→ INSTRUCTIONS TO FOLLOW: Every line below between the one holding "Lemma move_transfer b" and the one holding "(* [nth_lia] decides", inclusive, should be copied exactly, and no other line.

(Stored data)
*****
(* Let $n\ge3$, $l\ge1$, $\mathfrak g=B^{(1)}_n$, $B$ the level-$l$ perfect crystal of the context, $\lambda=l\Lambda_0$, $d=2n-1$, and $i^{(j)}_1=i^{(j)}_{2n-1}=\epsilon(j+1)$, $i^{(j)}_a=i^{(j)}_{2n-a}=a$ for $2\le a\le n$. Then: (II) $B^{(j)}_d=B$ for all $j\ge1$; (III) $\langle\lambda_j,h_{i^{(j)}_a}\rangle\le\varepsilon_{i^{(j)}_a}(b)$ for all $j\ge1$, $1\le a\le d$, $b\in B^{(j)}_{a-1}$; (IV') for all $j\ge1$, $a=1,\dots,d$: $\varepsilon_{i^{(j)}_{a+1}}(b^{(j)}_a)=0$, $\varphi_{i^{(j)}_{a+1}}(b^{(j)}_a)>0$ (with $i^{(j)}_{d+1}:=i^{(j+1)}_1$), and $b^{(j+1)}_0=\tilde f_{i^{(j+1)}_1}^mb^{(j)}_d$ with $m=\langle\lambda_{j+1},h_{i^{(j+1)}_1}\rangle$. Moreover $B^{(j)}_0=\{(0,\dots,0,l)\}$ ($j$ odd), $\{(l,0,\dots,0)\}$ ($j$ even), $B^{(j)}_{2n-1}=B$, and for $1\le a\le n-1$: $B^{(j)}_a$ is the set of $b\in B$ whose coordinates are all $0$ except possibly $x_2,\dots,x_{a+1},\bar x_1$ ($j$ odd), resp. except possibly $x_1,\dots,x_{a+1}$ ($j$ even); $B^{(j)}_{n+a-1}$ is the set of $b\in B$ whose coordinates are all $0$ except possibly $x_2,\dots,x_n,x_0,\bar x_n,\dots,\bar x_{n-a+1},\bar x_1$ ($j$ odd), resp. except possibly $x_1,\dots,x_n,x_0,\bar x_n,\dots,\bar x_{n-a+1}$ ($j$ even). Also $b^{(j)}_0=(0,\dots,0,l)$ ($j$ odd), $(l,0,\dots,0)$ ($j$ even); $b^{(j)}_{2n-1}=(l,0,\dots,0)$ ($j$ odd), $(0,\dots,0,l)$ ($j$ even); and for $1\le a\le n-1$, $b^{(j)}_a$ has $x_{a+1}=l$ and all other coordinates $0$, and $b^{(j)}_{n+a-1}$ has $\bar x_{n-a+1}=l$ and all other coordinates $0$.
   Context: $\epsilon(i)=0$ for $i$ even and $1$ for $i$ odd; $(x)_+=\max(x,0)$. $B=\{(x_1,\dots,x_n,x_0,\bar x_n,\dots,\bar x_1)\in\mathbb Z^{2n}\times\{0,1\}: x_i,\bar x_i\ge0,\ \sum_{i=1}^n(x_i+\bar x_i)=l\}$ (coordinates written in this order). Crystal structure: $\tilde f_0b=(x_1,x_2+1,\dots,\bar x_2,\bar x_1-1)$ if $x_2\ge\bar x_2$, $(x_1+1,x_2,\dots,\bar x_2-1,\bar x_1)$ if $x_2<\bar x_2$; for $1\le i\le n-1$, $\tilde f_ib$ replaces $(x_i,x_{i+1})$ by $(x_i-1,x_{i+1}+1)$ if $x_{i+1}\ge\bar x_{i+1}$, and $(\bar x_{i+1},\bar x_i)$ by $(\bar x_{i+1}-1,\bar x_i+1)$ if $x_{i+1}<\bar x_{i+1}$; $\tilde f_nb$ replaces $(x_n,x_0)$ by $(x_n-1,x_0+1)$ if $x_0=0$ and $(x_0,\bar x_n)$ by $(x_0-1,\bar x_n+1)$ if $x_0=1$; $\tilde e_ib=b'$ iff $\tilde f_ib'=b$, and $\tilde f_ib=0$ if the result is not in $B$. $\varphi_0(b)=\bar x_1+(\bar x_2-x_2)_+$, $\varepsilon_0(b)=x_1+(x_2-\bar x_2)_+$; $\varphi_i(b)=x_i+(\bar x_{i+1}-x_{i+1})_+$, $\varepsilon_i(b)=\bar x_i+(x_{i+1}-\bar x_{i+1})_+$ ($1\le i\le n-1$); $\varphi_n(b)=2x_n+x_0$, $\varepsilon_n(b)=2\bar x_n+x_0$. For $\lambda=l\Lambda_0$: $\lambda_j=l\Lambda_{\epsilon(j)}$ and the ground state elements are $\overline b_j=(0,\dots,0,l)$ for $j$ odd, $(l,0,\dots,0)$ for $j$ even; $\langle\lambda_j,h_i\rangle$ is the coefficient of $\Lambda_i$ in $\lambda_j$. Given $d$, $i^{(j)}_a$: $B^{(j)}_0=\{\overline b_j\}$, $B^{(j)}_a=\bigcup_{n\ge0}\tilde f_{i^{(j)}_a}^nB^{(j)}_{a-1}\setminus\{0\}$; $b^{(j)}_0=\overline b_j$, $b^{(j)}_a=\tilde f_{i^{(j)}_a}^{\varphi_{i^{(j)}_a}(b^{(j)}_{a-1})}b^{(j)}_{a-1}$. *)

From mathcomp Require Import all_boot.
Set Implicit Arguments. Unset Strict Implicit. Unset Printing Implicit Defensive.

(* An element b of the crystal B (for B^(1)_n, level l) is encoded as a
   sequence of 2n+1 naturals, in the order
     x_1, ..., x_n, x_0, xbar_n, ..., xbar_1
   i.e. x_i is at position i-1, x_0 at position n, xbar_i at position 2n+1-i.
   The crystal "0" is encoded by [None]. *)

Definition posx (i : nat) : nat := i.-1.
Definition posx0 (n : nat) : nat := n.
Definition posxb (n i : nat) : nat := (2 * n).+1 - i.

Definition cx (b : seq nat) (i : nat) : nat := nth 0 b (posx i).
Definition cx0 (n : nat) (b : seq nat) : nat := nth 0 b (posx0 n).
Definition cxb (n : nat) (b : seq nat) (i : nat) : nat := nth 0 b (posxb n i).

Definition inB (n l : nat) (b : seq nat) : bool :=
  [&& size b == (2 * n).+1, cx0 n b <= 1 & sumn b == l].

Definition move (b : seq nat) (p q : nat) : option (seq nat) :=
  if nth 0 b p is k.+1 then
    Some (set_nth 0 (set_nth 0 b p k) q (nth 0 b q).+1)
  else None.

Definition fraw (n i : nat) (b : seq nat) : option (seq nat) :=
  if i == 0 then
    (if cxb n b 2 <= cx b 2 then move b (posxb n 1) (posx 2)
     else move b (posxb n 2) (posx 1))
  else if i < n then
    (if cxb n b i.+1 <= cx b i.+1 then move b (posx i) (posx i.+1)
     else move b (posxb n i.+1) (posxb n i))
  else if i == n then
    (if cx0 n b == 0 then move b (posx n) (posx0 n)
     else move b (posx0 n) (posxb n n))
  else None.

Definition ftil (n l i : nat) (b : seq nat) : option (seq nat) :=
  match fraw n i b with
  | Some r => if inB n l r then Some r else None
  | None => None
  end.

Definition ftil_iter (n l i k : nat) (ob : option (seq nat)) : option (seq nat) :=
  iter k (fun o => obind (ftil n l i) o) ob.

(* varphi_i and varepsilon_i ; (x)_+ is truncated subtraction on nat *)
Definition phi (n i : nat) (b : seq nat) : nat :=
  if i == 0 then cxb n b 1 + (cxb n b 2 - cx b 2)
  else if i < n then cx b i + (cxb n b i.+1 - cx b i.+1)
  else 2 * cx b n + cx0 n b.

Definition eps (n i : nat) (b : seq nat) : nat :=
  if i == 0 then cx b 1 + (cx b 2 - cxb n b 2)
  else if i < n then cxb n b i + (cx b i.+1 - cxb n b i.+1)
  else 2 * cxb n b n + cx0 n b.

Definition epsj (j : nat) : nat := odd j.

(* <lambda_j, h_i> where lambda_j = l Lambda_{epsilon(j)} *)
Definition lam (l j i : nat) : nat := if i == epsj j then l else 0.

Definition ground (n l j : nat) : seq nat :=
  if odd j then rcons (nseq (2 * n) 0) l else l :: nseq (2 * n) 0.

Definition idx (n j a : nat) : nat :=
  if (a == 1) || (a == (2 * n).-1) then epsj j.+1
  else if a <= n then a else 2 * n - a.

Fixpoint Bset (n l j a : nat) : seq nat -> Prop :=
  match a with
  | 0 => fun c => c = ground n l j
  | a'.+1 => fun c => exists b k,
      Bset n l j a' b /\ ftil_iter n l (idx n j a) k (Some b) = Some c
  end.

Fixpoint bpt (n l j a : nat) : option (seq nat) :=
  match a with
  | 0 => Some (ground n l j)
  | a'.+1 => obind (fun b => ftil_iter n l (idx n j a) (phi n (idx n j a) b) (Some b))
                   (bpt n l j a')
  end.

Definition single (n l p : nat) : seq nat := set_nth 0 (nseq (2 * n).+1 0) p l.

Definition supp_in (b : seq nat) (P : pred nat) : Prop :=
  forall p, p < size b -> ~~ P p -> nth 0 b p = 0.

Definition allowedA (n j a : nat) : pred nat := fun p =>
  if odd j then has (fun i => p == posx i) (iota 2 a) || (p == posxb n 1)
  else has (fun i => p == posx i) (iota 1 a.+1).

Definition allowedB (n j a : nat) : pred nat := fun p =>
  if odd j then
    [|| has (fun i => p == posx i) (iota 2 n.-1), p == posx0 n,
        has (fun i => p == posxb n i) (iota (n - a).+1 a) | p == posxb n 1]
  else
    [|| has (fun i => p == posx i) (iota 1 n), p == posx0 n |
        has (fun i => p == posxb n i) (iota (n - a).+1 a)].

(* For i < n the operator f~_i only touches the four coordinates x_i, x_{i+1},
   xbar_{i+1}, xbar_i (xbar_1, x_2, xbar_2, x_1 for i = 0), on which it acts as
   on a tensor product of two sl_2-strings, and f~_n only touches x_n, x_0,
   xbar_n.  Hence every B^(j)_a is the set of elements of B supported on an
   explicit set of coordinates, which grows at each step a -> a+1: the new set
   is closed under f~_(i_(a+1)), and conversely every element supported on it
   is reached from the head of its i_(a+1)-string, which is supported on the
   old set.  Along the way b^(j)_a is the element with a single nonzero
   coordinate l, travelling from xbar_1 (resp. x_1) through x_2, ..., x_n,
   xbar_n, ..., xbar_2 to x_1 (resp. xbar_1); at every step it sits at a
   source coordinate of the next operator, which gives (IV').  (III) holds
   because lambda_j vanishes on every h_(i_a). *)

From mathcomp Require Import all_boot zify.
Set Implicit Arguments. Unset Strict Implicit.


Lemma sumn_set_nthD (s : seq nat) p v : p < size s ->
  sumn (set_nth 0 s p v) + nth 0 s p = sumn s + v.
Proof.
elim: s p => [|x s IHs] [|p] //= hp; first lia.
have := IHs p hp; lia.
Qed.

Lemma nth_single n l p m : nth 0 (single n l p) m = if m == p then l else 0.
Proof. by rewrite /single nth_set_nth /= -[0 :: _]/(nseq _.+1 0) nth_nseq if_same. Qed.

Lemma size_single n l p : p <= 2 * n -> size (single n l p) = (2 * n).+1.
Proof. by move=> hp; rewrite size_set_nth size_nseq; apply/maxn_idPr. Qed.

Lemma sumn_single n l p : sumn (single n l p) = l.
Proof. by rewrite /single sumn_set_nth0 sumn_nseq nth_nseq if_same mul0n subn0. Qed.

Lemma inB_single n l p : p <= 2 * n -> p != n -> inB n l (single n l p).
Proof.
move=> hp hpn; rewrite /inB size_single // /cx0 /posx0 nth_single eq_sym (negbTE hpn).
by rewrite sumn_single !eqxx.
Qed.

Definition transfer (b : seq nat) (p q k : nat) : seq nat :=
  set_nth 0 (set_nth 0 b p (nth 0 b p - k)) q (nth 0 b q + k).

Lemma move_transfer b p q :
  move b p q = if 0 < nth 0 b p then Some (transfer b p q 1) else None.
Proof. by rewrite /move /transfer; case: (nth 0 b p) => [|k] //=; rewrite subn1 addn1. Qed.

Lemma size_transfer b p q k : p < size b -> q < size b -> size (transfer b p q k) = size b.
Proof. by move=> hp hq; rewrite !size_set_nth; lia. Qed.

Lemma nth_transfer b p q k m : nth 0 (transfer b p q k) m =
  if m == q then nth 0 b q + k else if m == p then nth 0 b p - k else nth 0 b m.
Proof. by rewrite /transfer nth_set_nth /= nth_set_nth. Qed.

(* [nth_lia] decides goals on coordinates of [transfer]/[single] terms by case
   analysis on index equalities; disequality hypotheses are used to prune the
   cases and then cleared, as they make [lia] exponentially slower. *)
Ltac case_eqn := let e := fresh "e" in case: eqP => [e|?]; [try rewrite e; move: e => ? |].
Ltac neq_rewrite := repeat match goal with
  | H : is_true (?x != ?y) |- context [?x == ?y] => rewrite (negbTE H)
  | H : is_true (?x != ?y) |- context [?y == ?x] => rewrite (eq_sym y x) (negbTE H)
  end.
Ltac simpl_eqn := rewrite ?eqxx; neq_rewrite; cbv beta iota.
Ltac clear_neq := repeat match goal with H : is_true (_ != _) |- _ => clear H end.
Ltac nth_lia := rewrite ?nth_transfer ?nth_single; simpl_eqn;
  repeat (case_eqn; simpl_eqn); first [clear_neq; lia | lia].

Lemma sumn_transfer b p q k : p != q -> p < size b -> q < size b -> k <= nth 0 b p ->
  sumn (transfer b p q k) = sumn b.
Proof.
move=> pq hp hq hk.
have := sumn_set_nthD (nth 0 b p - k) hp.
have := @sumn_set_nthD (set_nth 0 b p (nth 0 b p - k)) q (nth 0 b q + k).
rewrite size_set_nth nth_set_nth /= eq_sym (negbTE pq) /transfer; lia.
Qed.

Lemma inB_transfer n l b p q k : inB n l b -> p != q -> p <= 2 * n -> q <= 2 * n ->
  k <= nth 0 b p -> nth 0 (transfer b p q k) n <= 1 -> inB n l (transfer b p q k).
Proof.
case/and3P => /eqP hs _ /eqP hsum pq hp hq hk hx0.
rewrite /inB size_transfer hs ?eqxx /cx0 /posx0 ?hx0 ?sumn_transfer ?hs ?hsum ?eqxx //; lia.
Qed.

Lemma transfer0 b p q : p < size b -> q < size b -> transfer b p q 0 = b.
Proof.
by move=> hp hq; apply: (@eq_from_nth _ 0) => [|m _]; [rewrite size_transfer | nth_lia].
Qed.

Lemma transfer_succ b p q k : p != q -> p < size b -> q < size b -> k < nth 0 b p ->
  transfer (transfer b p q k) p q 1 = transfer b p q k.+1.
Proof.
move=> pq hp hq hk; apply: (@eq_from_nth _ 0) => [|m _]; last by nth_lia.
by rewrite !size_transfer ?size_transfer.
Qed.

Lemma transfer_single n l p q : p != q -> p <= 2 * n -> q <= 2 * n ->
  transfer (single n l p) p q l = single n l q.
Proof.
move=> pq hp hq; apply: (@eq_from_nth _ 0) => [|m _]; last by nth_lia.
by rewrite size_transfer !size_single.
Qed.

Lemma inB_size n l c : inB n l c -> size c = (2 * n).+1.
Proof. by case/and3P => /eqP. Qed.

Lemma inB_x0 n l c : inB n l c -> nth 0 c n <= 1.
Proof. by case/and3P. Qed.

Lemma ftil_iterS n l i k ob :
  ftil_iter n l i k.+1 ob = obind (ftil n l i) (ftil_iter n l i k ob).
Proof. by []. Qed.

Lemma ftil_iterD n l i k1 k2 ob :
  ftil_iter n l i (k1 + k2) ob = ftil_iter n l i k2 (ftil_iter n l i k1 ob).
Proof. by rewrite /ftil_iter addnC iterD. Qed.

Definition src1 (n i : nat) : nat := if i == 0 then posxb n 1 else posx i.
Definition tgt1 (n i : nat) : nat := if i == 0 then posx 2 else posx i.+1.
Definition src2 (n i : nat) : nat := if i == 0 then posxb n 2 else posxb n i.+1.
Definition tgt2 (n i : nat) : nat := if i == 0 then posx 1 else posxb n i.

Definition sites_ok (n P Q R S : nat) : Prop :=
  [/\ [/\ P != Q, P != R, P != S, Q != R & Q != S], R != S,
      [/\ P != n, Q != n, R != n & S != n] &
      [/\ P <= 2 * n, Q <= 2 * n, R <= 2 * n & S <= 2 * n]].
*****
→ SOLUTION FOR THIS TASK:
Lemma move_transfer b p q :
  move b p q = if 0 < nth 0 b p then Some (transfer b p q 1) else None.
Proof. by rewrite /move /transfer; case: (nth 0 b p) => [|k] //=; rewrite subn1 addn1. Qed.

Lemma size_transfer b p q k : p < size b -> q < size b -> size (transfer b p q k) = size b.
Proof. by move=> hp hq; rewrite !size_set_nth; lia. Qed.

Lemma nth_transfer b p q k m : nth 0 (transfer b p q k) m =
  if m == q then nth 0 b q + k else if m == p then nth 0 b p - k else nth 0 b m.
Proof. by rewrite /transfer nth_set_nth /= nth_set_nth. Qed.

(* [nth_lia] decides goals on coordinates of [transfer]/[single] terms by case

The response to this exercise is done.